Auf den Ausgrabungsstätten spielen Geologen inzwischen eine wichtige Rolle: «Bevor die A5 bei Bevaix im Kanton Neuenburg gebaut wurde, habe es scheinbar mehr Geologen als Archäologen auf den Baustellen gegeben, die nach Spuren prähistorischer Vergangenheit gesucht hätten», so Braillard.

Mit fortschreitendem technischen Wandel und der Integration von naturwissenschaftlichen Abläufen bei Ausgrabungen haben es die Archäologen auch aufgegeben, sich jeweils auf eine einzige Fundstelle zu konzentrieren. Heute schauen sie sich in einem breiteren Umfeld um.

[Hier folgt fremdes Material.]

Definition vset (c d : nat) := vec c d -> Prop.

Definition vzero {c d} : vec c d := fun _ => 0.
Definition vadd {c d} (u v : vec c d) : vec c d := fun x => u x + v x.

Definition in_In {c d} (n : nat) (x : idx c d) : bool :=
  all (fun k => (0 < k) && (k <= n))%N x.1.

(* u lies in Z^(I_n) (extension by zero) *)
Definition supp_in {c d} (n : nat) (u : vec c d) : Prop :=
  forall x, u x != 0 -> in_In n x.

Definition nonneg {c d} (u : vec c d) : Prop := forall x, 0 <= u x.

Definition supp_size_le {c d} (u : vec c d) (k : nat) : Prop :=
  exists s : seq (idx c d),
    [/\ uniq s, (forall x, (u x != 0) <-> (x \in s)) & (size s <= k)%N].

Definition subset {c d} (A B : vset c d) : Prop := forall u, A u -> B u.
Definition seteq {c d} (A B : vset c d) : Prop := forall u, A u <-> B u.

Definition is_monoid {c d} (A : vset c d) : Prop :=
  A vzero /\ (forall u v, A u -> A v -> A (vadd u v)).

Definition finite_set {c d} (A : vset c d) : Prop :=
  exists s : seq (vec c d), forall u, A u <-> List.In u s.

Definition nncomb {c d} (A : vset c d) : vset c d := fun u =>
  exists s : seq (nat * vec c d),
    (forall p, List.In p s -> A p.2) /\
    (forall x, u x = \sum_(p <- s) ((p.1)%:Z * p.2 x)).

Definition hilbert_basis {c d} (M H : vset c d) : Prop :=
  [/\ subset H M, seteq (nncomb H) M &
      forall H', subset H' H -> subset M (nncomb H') -> subset H H'].

(* A permutation of [n] = {1..n}, viewed as a map on N fixing all k > n
   (and 0). The element i of [n] corresponds to the ordinal i-1 of 'I_n. *)
Definition perm_nat (n : nat) (s : {perm 'I_n}) (k : nat) : nat :=
  if k is k'.+1 then
    match (@insub nat (fun j => j < n)%N _ k') with
    | Some i => (s i).+1
    | None => k
    end
  else 0.

(* action of sigma in Sym(n): sigma(e_{(i1..id),j}) = e_{(sigma i1,..,sigma id),j},
   i.e. (sigma u)(i,j) = u(sigma^-1 i, j) *)
Definition act {c d} (n : nat) (s : {perm 'I_n}) (u : vec c d) : vec c d :=
  fun x => u (map_tuple (perm_nat s^-1) x.1, x.2).

Definition orbitn {c d} (n : nat) (A : vset c d) : vset c d := fun u =>
  exists (s : {perm 'I_n}) (v : vec c d), A v /\ u = act s v.

Definition orbit {c d} (A : vset c d) : vset c d := fun u =>
  exists n, (1 <= n)%N /\ orbitn n A u.

Definition sym_invariant {c d} (n : nat) (A : vset c d) : Prop :=
  forall (s : {perm 'I_n}) u, A u -> A (act s u).

Definition sym_chain {c d} (M : nat -> vset c d) : Prop :=
  [/\ forall n, (1 <= n)%N -> is_monoid (M n),
      forall n u, (1 <= n)%N -> M n u -> supp_in n u /\ nonneg u,
      forall m n, (1 <= m <= n)%N -> subset (M m) (M n) &
      forall n, (1 <= n)%N -> sym_invariant n (M n)].

Definition chain_union {c d} (M : nat -> vset c d) : vset c d := fun u =>
  exists n, (1 <= n)%N /\ M n u.

Definition stabilizes {c d} (M : nat -> vset c d) : Prop :=
  exists p, (1 <= p)%N /\
    forall m n, (p <= m <= n)%N -> seteq (M n) (nncomb (orbitn n (M m))).

Definition fin_generated {c d} (A : vset c d) : Prop :=
  exists H, finite_set H /\ subset H A /\ seteq (nncomb H) A.

Definition eq_hilbert_basis_n {c d} (n : nat) (A H : vset c d) : Prop :=
  subset H A /\ hilbert_basis A (orbitn n H).

Definition eq_hilbert_basis {c d} (A H : vset c d) : Prop :=
  subset H A /\ hilbert_basis A (orbit H).

(* Each M_n, and the union M, is a positive monoid (nonnegative vectors of finite support), so
   it has a unique Hilbert basis: its set of irreducible elements. Every condition is therefore a
   statement about irreducibles. The key observation is that a permutation of [N] carrying a vector
   supported in I_m back into I_m acts on it like a permutation of [m]. Hence stabilization from p
   gives M_n ∩ Z^(I_m) = M_m for p <= m <= n, irreducibles of M_m stay irreducible in M_n, and for r
   large the Sym(n)-orbits of the finitely many irreducibles of M_r are exactly the irreducibles of
   M_n: this is (i) => (ii), and (ii) gives (i) and (iii) directly. For (iii) => (iv), an irreducible
   of M whose support has at most q' elements involves at most d q' indices, so it is a permuted copy
   of an irreducible supported in I_N, N = max(q, d q'). For (iv) => (ii), the finite basis lies in
   some M_p, and restricting permutations shows that its Sym(n)-orbit generates M_n for n >= p. *)

From mathcomp Require Import all_boot all_order all_fingroup all_algebra zify.
From Stdlib Require Import Classical ClassicalEpsilon FunctionalExtensionality.
Set Implicit Arguments. Unset Strict Implicit. Unset Printing Implicit Defensive.
Import GRing.Theory Num.Theory.
Local Open Scope ring_scope.

Lemma perm_extend (T : finType) (s : seq T) (g : T -> T) :
  {in s &, injective g} -> exists p : {perm T}, {in s, p =1 g}.
Proof.
elim: s => [|x s IH] g_inj; first by exists 1%g.
have [|p pg] := IH; first by move=> y z ys zs; apply: g_inj; rewrite inE ?ys ?zs orbT.
have [xs | xNs] := boolP (x \in s).
  by exists p => y; rewrite inE => /predU1P [->|]; apply: pg.
(* As x is fresh, the transposition fixes every [g y] with [y \in s]. *)
exists (p * tperm (p x) (g x))%g => y; rewrite inE permM.
have [-> _ | yx /= ys] := eqVneq y x; first by rewrite tpermL.
rewrite -(pg y ys) tpermD //; first by rewrite (inj_eq perm_inj) eq_sym.
by rewrite pg // (inj_in_eq g_inj) ?inE ?ys ?eqxx ?orbT // eq_sym.
Qed.

Section PermNat.
Variable n : nat.
Implicit Type s : {perm 'I_n}.

Lemma perm_nat_ord s (i : 'I_n) : perm_nat s i.+1 = (s i).+1.
Proof. by rewrite /perm_nat insubT //= => lt_in; congr (s _).+1; apply: val_inj. Qed.

Lemma perm_nat_out s k : (n < k)%N -> perm_nat s k = k.
Proof. by case: k => // k lt_nk; rewrite /perm_nat insubF //; apply/negbTE; lia. Qed.

Lemma perm_natKV s : cancel (perm_nat s^-1) (perm_nat s).
Proof.
case=> // k; have [lt_kn | le_nk] := ltnP k n; last by rewrite !perm_nat_out.
by rewrite (perm_nat_ord _ (Ordinal lt_kn)) perm_nat_ord permKV.
Qed.

Lemma perm_natK s : cancel (perm_nat s) (perm_nat s^-1).
Proof. by move=> k; rewrite -{2}[s]invgK perm_natKV. Qed.

Lemma perm_nat_inj s : injective (perm_nat s).
Proof. exact: can_inj (perm_natK s). Qed.

Lemma perm_nat_range s k : (0 < k <= n)%N -> (0 < perm_nat s k <= n)%N.
Proof.
case: k => // k lt_kn; have lt_kn' : (k < n)%N by lia.
by rewrite (perm_nat_ord _ (Ordinal lt_kn')) /= ltn_ord.
Qed.

End PermNat.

«Landschaften beispielsweise sind das Resultat einerseits aus der Geschichte und andererseits aus dem, was unsere Vorfahren mit dem Boden taten.»

Bis zur industriellen Revolution im 19. Jahrhundert sei die Interaktion zwischen Menschen und ihrer Umwelt wichtig gewesen. «Für das Überleben von Gemeinschaften und die Entwicklung von Zivilisationen war ausschlaggebend, das Ökosystem richtig zu bewirtschaften».

Die an Ort vorhandenen Ressourcen waren ausschlaggeend für den Entscheid, sich hier oder anderswo niederzulassen. Funde aus prähistorischer Zeit zeigen auf, dass die Leute damals ihre Zukunft über die Bewirtschaftung der vor Ort bestehenden Möglichkeiten einschätzten.

Andererseits, so Braillard, sei auch dies mehr als Konzept denn als Wirklichkeit aufzufassen. Klar gefasste Pakete gebe es keine. «Die Zeit verläuft für Geologen nicht linear, sondern mit Unterbrechungen. Archäologen verstehen das nur schlecht.»

Alles habe seine Geschichte, aber die Menschheit sei nur ein Teil davon. Sämtliche Informationen, die man über Menschen besitze, seien nur lokal.

Um das Alter von Fundgegenständen und Stichproben zu bestimmen, kommen verschiedene wissenschaftliche Methoden in Frage.

Die Radiokarbon-Methode (Radiokohlenstoff-Methode) erlaubt es, organische Materialien mit dem C14 Isotop zu messen. C14 ist ein instabiler Kohlenstoff. Stirbt ein Organismus, verliert er im regelmässigen Rhythmus C14.

Die Dendro-Chronologie ist eine Datierungsmethode der Geowissenschaft. Anhand der Jahresringe von Bäumen und ihrer unterschiedlichen Breite können bestimmte Wachstumszeiten zugeordnet werden.

Neutronenbeaming: Neutronen können Metalle durchdringen und Substanzen mit Hydrogen offenlegen. Dies erlaubt eine Analyse von Gegenständen, ohne dass man sie zerstören muss.